An Introduction to Artificial Psychology

An Introduction to Artificial Psychology
Title An Introduction to Artificial Psychology PDF eBook
Author Hojjatollah Farahani
Publisher Springer Nature
Pages 262
Release 2023-05-18
Genre Psychology
ISBN 3031311728

Download An Introduction to Artificial Psychology Book in PDF, Epub and Kindle

Artificial Psychology (AP) is a highly multidisciplinary field of study in psychology. AP tries to solve problems which occur when psychologists do research and need a robust analysis method. Conventional statistical approaches have deep rooted limitations. These approaches are excellent on paper but often fail to model the real world. Mind researchers have been trying to overcome this by simplifying the models being studied. This stance has not received much practical attention recently. Promoting and improving artificial intelligence helps mind researchers to find a holistic model of mental models.
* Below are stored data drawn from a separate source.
(* Fix $\beta\in(1,2)$ and let $Y=(Y_s)_{s\in\mathbb Z_{\ge0}}$ be the discrete-time random walk on the weighted graph described in the context, run in stationarity, and let $\mathcal C=\mathbb N^+=\{1,2,3,\dots\}$. Then $\mathbf P[Y_0\in\mathcal C]=1/2$ and, as $t\to\infty$, $$\mathbf P\big[Y_s\in\mathcal C\ \ \forall s\in\{0,1,\dots,t\}\big]=t^{\frac{1-\beta}{2}+o(1)}.$$
   Context: The graph has vertex set $\mathbb Z^*=\mathbb Z\setminus\{0\}$ and edges: nearest-neighbour edges $\{n,n+1\}$ and $\{-(n+1),-n\}$ for $n\ge1$, the edge $\{-1,1\}$, and a self-loop at every vertex. Conductances: $c_{n,n+1}=c_{-(n+1),-n}=n^{-\beta}$ for $n\ge1$; $c_{-1,1}=c_{1,1}=c_{-1,-1}=1/2$; and for $|n|\ge2$ the self-loop conductance is $c_{n,n}=c_{n,n-1}+c_{n,n+1}$ (conductance of the two edges at $n$). The walk moves from $x$ to $y$ with probability $c_{x,y}/\pi(x)$, where $\pi(x)=\sum_y c_{x,y}$ (self-loop counted once); $\pi$ has finite total mass and the walk is run started from the normalized $\pi$. $\mathbf P$ is the law of this stationary walk. *)

From Stdlib Require Import Reals ZArith List Lra.
Import ListNotations.
Open Scope R_scope.

(* Vertices of Z^* = Z \ {0} are represented by integers (0 is never used:
   all conductances involving 0 vanish). *)

Definition edge_c (beta : R) (x y : Z) : R :=
  if ((1 <=? x)%Z && (y =? x + 1)%Z)%bool then Rpower (IZR x) (- beta)
  else if ((1 <=? y)%Z && (x =? y + 1)%Z)%bool then Rpower (IZR y) (- beta)
  else if ((x <=? -1)%Z && (y =? x - 1)%Z)%bool then Rpower (IZR (- x)) (- beta)
  else if ((y <=? -1)%Z && (x =? y - 1)%Z)%bool then Rpower (IZR (- y)) (- beta)
  else if (((x =? -1)%Z && (y =? 1)%Z) || ((x =? 1)%Z && (y =? -1)%Z))%bool then 1/2
  else 0.

Definition cond (beta : R) (x y : Z) : R :=
  if (x =? 0)%Z then 0
  else if (y =? 0)%Z then 0
  else if (x =? y)%Z then
    (if ((x =? 1)%Z || (x =? -1)%Z)%bool then 1/2
     else edge_c beta x (x - 1) + edge_c beta x (x + 1))
  else edge_c beta x y.

(* The list of all neighbours y of x in Z^* (including x itself via the
   self-loop); every y outside this list has cond beta x y = 0. *)
Definition nbrs (x : Z) : list Z :=
  if (x =? 1)%Z then [-1; 1; 2]%Z
  else if (x =? -1)%Z then [-2; -1; 1]%Z
  else [x - 1; x; x + 1]%Z.

(* pi(x) = sum_y c_{x,y} (self-loop counted once). *)
Definition piw (beta : R) (x : Z) : R :=
  fold_right Rplus 0 (map (fun y => cond beta x y) (nbrs x)).

Definition trans (beta : R) (x y : Z) : R := cond beta x y / piw beta x.

Definition inC (x : Z) : bool := (1 <=? x)%Z.

(* stay beta t x = P_x[ Y_s \in C for all s in {0,...,t} ]
   (probability for the walk started at x), via the Markov property:
   stay 0 x = 1_C(x), stay (t+1) x = 1_C(x) * sum_y p(x,y) stay t y. *)
Fixpoint stay (beta : R) (t : nat) (x : Z) : R :=
  match t with
  | O => if inC x then 1 else 0
  | S t' => if inC x then
              fold_right Rplus 0 (map (fun y => trans beta x y * stay beta t' y) (nbrs x))
            else 0
  end.

(* Total mass of pi over Z^*, enumerated as n+1 and -(n+1), n : nat. *)
Definition pi_pair (beta : R) (n : nat) : R :=
  piw beta (Z.of_nat n + 1)%Z + piw beta (- (Z.of_nat n + 1))%Z.

From Stdlib Require Import Reals ZArith List Lra Lia.
Import ListNotations.
Open Scope R_scope.

(* Since C is left only through the edge {1,-1}, the probability stay_t(x) of
   staying in C during [0,t] satisfies, for x >= 2, a one-step recursion with
   the kernel moving x to x-1, x, x+1 with probabilities p_down, 1/2, p_up,
   while from 1 the walk is killed with probability 1/4.  The stationary
   weights are pi(x) ~ 4 |x|^(-b), and P[survive up to t] is proportional to
   the series sum_x pi(x) stay_t(x).
   - Lower bound: 1/x is harmonic up to O(x^-3) (doubling of the conductances),
     whence 1 - stay_t(x) <= K/x + 4t/K^2; with K ~ sqrt t every start
     x >~ sqrt t survives with probability 1/2, and the block of vertices of
     size ~ sqrt t there carries mass ~ t^((1-b)/2).
   - Upper bound: the Lyapunov function x^2 + 6 decreases on average by
     (b-1)/4 per step (inward drift (b-1)/x), so stay_t(x) <= (x^2+6)(1/F + O(t^-k))
     for every order k; summing up to radius R = t^(1/2 - 3/(2k)) and bounding
     the tail mass by R^(1-b) gives t^((1-b)/2 + 3/(2k)). *)

Ltac zsimpl := repeat match goal with
 | |- context [Z.eqb ?a ?b] => destruct (Z.eqb_spec a b); try lia
 | |- context [Z.leb ?a ?b] => destruct (Z.leb_spec a b); try lia
 end; simpl.

(* [cw b x = x^(-b)] is the conductance of the edge {x, x+1} for x >= 1. *)
Definition cw (b : R) (x : Z) : R := Rpower (IZR x) (- b).

Lemma cw_pos b x : 0 < cw b x.
Proof. apply exp_pos. Qed.

Lemma cw_1 b : cw b 1 = 1.
Proof. unfold cw, Rpower. rewrite ln_1, Rmult_0_r. apply exp_0. Qed.

Lemma cond_pos_side b x : (2 <= x)%Z ->
  cond b x (x-1) = cw b (x-1) /\ cond b x x = cw b (x-1) + cw b x /\
  cond b x (x+1) = cw b x.
Proof.
  intros H. unfold cond, edge_c, cw. repeat split; zsimpl.
  all: try (f_equal; f_equal; lia).
Qed.

Lemma nbrs_pos_side x : (2 <= x)%Z -> nbrs x = [x-1; x; x+1]%Z.
Proof. intros H. unfold nbrs. zsimpl. reflexivity. Qed.

Lemma piw_pos_side b x : (2 <= x)%Z -> piw b x = 2 * (cw b (x-1) + cw b x).
Proof.
  intros H. unfold piw. rewrite nbrs_pos_side by lia. simpl.
  destruct (cond_pos_side b x H) as [E1 [E2 E3]]. rewrite E1, E2, E3. ring.
Qed.

Lemma piw_1 b : piw b 1 = 2.
Proof.
  unfold piw, nbrs, cond, edge_c. simpl. change (Rpower 1 (- b)) with (cw b 1).
  rewrite cw_1. lra.
Qed.

(* The graph is symmetric under x |-> -x, hence so is the stationary weight. *)
Lemma piw_sym b x : (1 <= x)%Z -> piw b (-x) = piw b x.
Proof.
  intros H. destruct (Z.eq_dec x 1) as [->|Hx].
  - rewrite piw_1. unfold piw, nbrs, cond, edge_c. simpl.
    change (Rpower 1 (- b)) with (cw b 1). rewrite cw_1. field.
  - rewrite (piw_pos_side b x) by lia. unfold piw, nbrs. zsimpl. unfold cond, edge_c, cw. zsimpl.
    all: (try replace (- - x)%Z with x by lia);
         (try replace (- (- x + 1))%Z with (x-1)%Z by lia); ring.
Qed.

Lemma stay_nonpos b t x : (x <= 0)%Z -> stay b t x = 0.
Proof. intros H. destruct t; simpl; unfold inC; zsimpl; reflexivity. Qed.

(* Transition probabilities x -> x-1 and x -> x+1 for x >= 2 (the holding
   probability is 1/2 because of the self-loop). *)
Definition p_down b x := cw b (x-1) / (2 * (cw b (x-1) + cw b x)).
Definition p_up b x := cw b x / (2 * (cw b (x-1) + cw b x)).

Lemma p_down_up b x : p_down b x + p_up b x = /2.
Proof.
  unfold p_down, p_up. pose proof (cw_pos b (x-1)). pose proof (cw_pos b x). field. lra.
Qed.

Lemma p_down_pos b x : 0 < p_down b x.
Proof.
  unfold p_down. pose proof (cw_pos b (x-1)). pose proof (cw_pos b x).
  apply Rdiv_lt_0_compat; lra.
Qed.

Lemma p_up_pos b x : 0 < p_up b x.
Proof.
  unfold p_up. pose proof (cw_pos b (x-1)). pose proof (cw_pos b x).
  apply Rdiv_lt_0_compat; lra.
Qed.

Lemma stay_succ b t x : (2 <= x)%Z ->
  stay b (S t) x =
  p_down b x * stay b t (x-1) + /2 * stay b t x + p_up b x * stay b t (x+1).
Proof.
  intros H. simpl. unfold inC. zsimpl. rewrite nbrs_pos_side by lia. simpl.
  unfold trans. destruct (cond_pos_side b x H) as [E1 [E2 E3]].
  rewrite E1, E2, E3, piw_pos_side by lia.
  unfold p_down, p_up. pose proof (cw_pos b (x-1)). pose proof (cw_pos b x). field. lra.
Qed.

(* At the boundary point 1 the walk is killed (jumps to -1) with probability 1/4. *)
Lemma stay_succ_1 b t : stay b (S t) 1 = /4 * stay b t 1 + /2 * stay b t 2.
Proof.
  simpl stay at 1. unfold inC. simpl. unfold trans. rewrite piw_1.
  unfold nbrs. simpl. rewrite (stay_nonpos b t (-1)) by lia.
  unfold cond, edge_c; simpl. change (Rpower 1 (- b)) with (cw b 1). rewrite cw_1. field.
Qed.

Lemma stay_bounds b t : forall x, 0 <= stay b t x <= 1.
Proof.
  induction t as [|t IH]; intros x.
  - simpl. destruct (inC x); lra.
  - destruct (Z_lt_le_dec x 1).
    + rewrite stay_nonpos by lia. lra.
    + destruct (Z.eq_dec x 1) as [->|Hn].
      * rewrite stay_succ_1. pose proof (IH 1%Z). pose proof (IH 2%Z). lra.
      * rewrite stay_succ by lia. pose proof (p_down_up b x).
        pose proof (p_down_pos b x). pose proof (p_up_pos b x).
        pose proof (IH (x-1)%Z). pose proof (IH x). pose proof (IH (x+1)%Z). nra.
Qed.

Lemma div_nonneg a d : 0 <= a -> 0 < d -> 0 <= a / d.
Proof. intros; unfold Rdiv; apply Rmult_le_pos; [|left; apply Rinv_0_lt_compat]; auto. Qed.

Lemma exp_le x y : x <= y -> exp x <= exp y.
Proof. intros [H|H]. - left; apply exp_increasing; auto. - subst; lra. Qed.

Lemma ln_le_pred y : 0 < y -> ln y <= y - 1.
Proof. intros H. pose proof (exp_ineq1_le (ln y)). rewrite exp_ln in H0 by lra. lra. Qed.

Lemma Rpower_pos x y : 0 < Rpower x y.
Proof. apply exp_pos. Qed.

Lemma Rpower_ge_square q b : 0 < q <= 1 -> b <= 2 -> q * q <= Rpower q b.
Proof.
  intros Hq Hb. replace (q*q) with (Rpower q 2).
  2:{ replace 2 with (INR 2) by (simpl; lra). rewrite Rpower_pow by lra. simpl; ring. }
  unfold Rpower. apply exp_le. assert (ln q <= 0) by (pose proof (ln_le_pred q); lra). nra.
Qed.

Lemma Rpower_bernoulli_upper q s : 0 < q -> 0 <= s -> Rpower q s * (1 + s*(1-q)) <= 1.
Proof.
  intros Hq Hs. unfold Rpower.
  assert (Hln : exp (s * ln q) <= exp (- (s*(1-q)))).
  { apply exp_le. pose proof (ln_le_pred q); nra. }
  assert (Hinv : exp (- (s*(1-q))) * exp (s*(1-q)) = 1).
  { rewrite <- exp_plus. replace (- (s * (1 - q)) + s * (1 - q)) with 0 by ring. apply exp_0. }
  pose proof (exp_ineq1_le (s*(1-q))). pose proof (exp_pos (s * ln q)).
  pose proof (exp_pos (- (s*(1-q)))).
  destruct (Rle_lt_dec 0 (1 + s*(1-q))); [|nra].
  apply Rle_trans with (exp (- (s * (1 - q))) * (1 + s*(1-q))).
  - apply Rmult_le_compat_r; lra.
  - apply Rle_trans with (exp (- (s * (1 - q))) * exp (s*(1-q))).
    + apply Rmult_le_compat_l; lra.
    + lra.
Qed.

Lemma Rpower_bernoulli_lower q s : 0 < q -> 0 <= s -> 1 + s*(1-q) <= Rpower q (-s).
Proof.
  intros Hq Hs. unfold Rpower. eapply Rle_trans; [|apply exp_ineq1_le].
  pose proof (ln_le_pred q). nra.
Qed.

Lemma Rpower_base_antitone a a' e : 0 < a <= a' -> e <= 0 -> Rpower a' e <= Rpower a e.
Proof.
  intros Ha He. unfold Rpower. apply exp_le.
  assert (ln a <= ln a').
  { destruct (Req_dec a a'). - subst; lra. - left; apply ln_increasing; lra. }
  nra.
Qed.

Lemma Rpower_eventually_ge C e : 0 < e ->
  exists T : nat, forall t : nat, (T <= t)%nat -> C <= Rpower (INR t) e.
Proof.
  intros He. destruct (INR_unbounded (Rpower (Rabs C + 1) (/e))) as [T HT].
  exists T. intros t Ht. apply le_INR in Ht.
  pose proof (Rpower_pos (Rabs C + 1) (/ e)).
  apply Rle_trans with (Rpower (Rpower (Rabs C + 1) (/ e)) e).
  - rewrite Rpower_mult. replace (/e * e) with 1 by (field; lra). rewrite Rpower_1.
    + pose proof (Rle_abs C). lra.
    + pose proof (Rabs_pos C). lra.
  - apply Rle_Rpower_l; lra.
Qed.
This development achieves this goal by using multiple perspectives and multiple data sets together with interactive, and realistic models. In this book, the methodology of approximate inference in psychological research from a theoretical and practical perspective has been considered. Quantitative variable-oriented methodology and qualitative case-oriented methods are both used to explain the set-oriented methodology and this book combines the precision of quantitative methods with information from qualitative methods. This is a book that many researchers can use to expand and deepen their psychological research and is a book which can be useful to postgraduate students. The reader does not need an in-depth knowledge of mathematics or statistics because statistical and mathematical intuitions are key here and they will be learned through practice. What is important is to understand and use the new application of the methods for finding new, dynamic and realistic interpretations. This book incorporates theoretical fuzzy inference and deep machine learning algorithms in practice. This is the kind of book that we wished we had had when we were students. This book covers at least some of the most important issues in mind research including uncertainty, fuzziness, continuity, complexity and high dimensionality which are inherent to mind data. These are elements of artificial psychology. This book implements models using R software.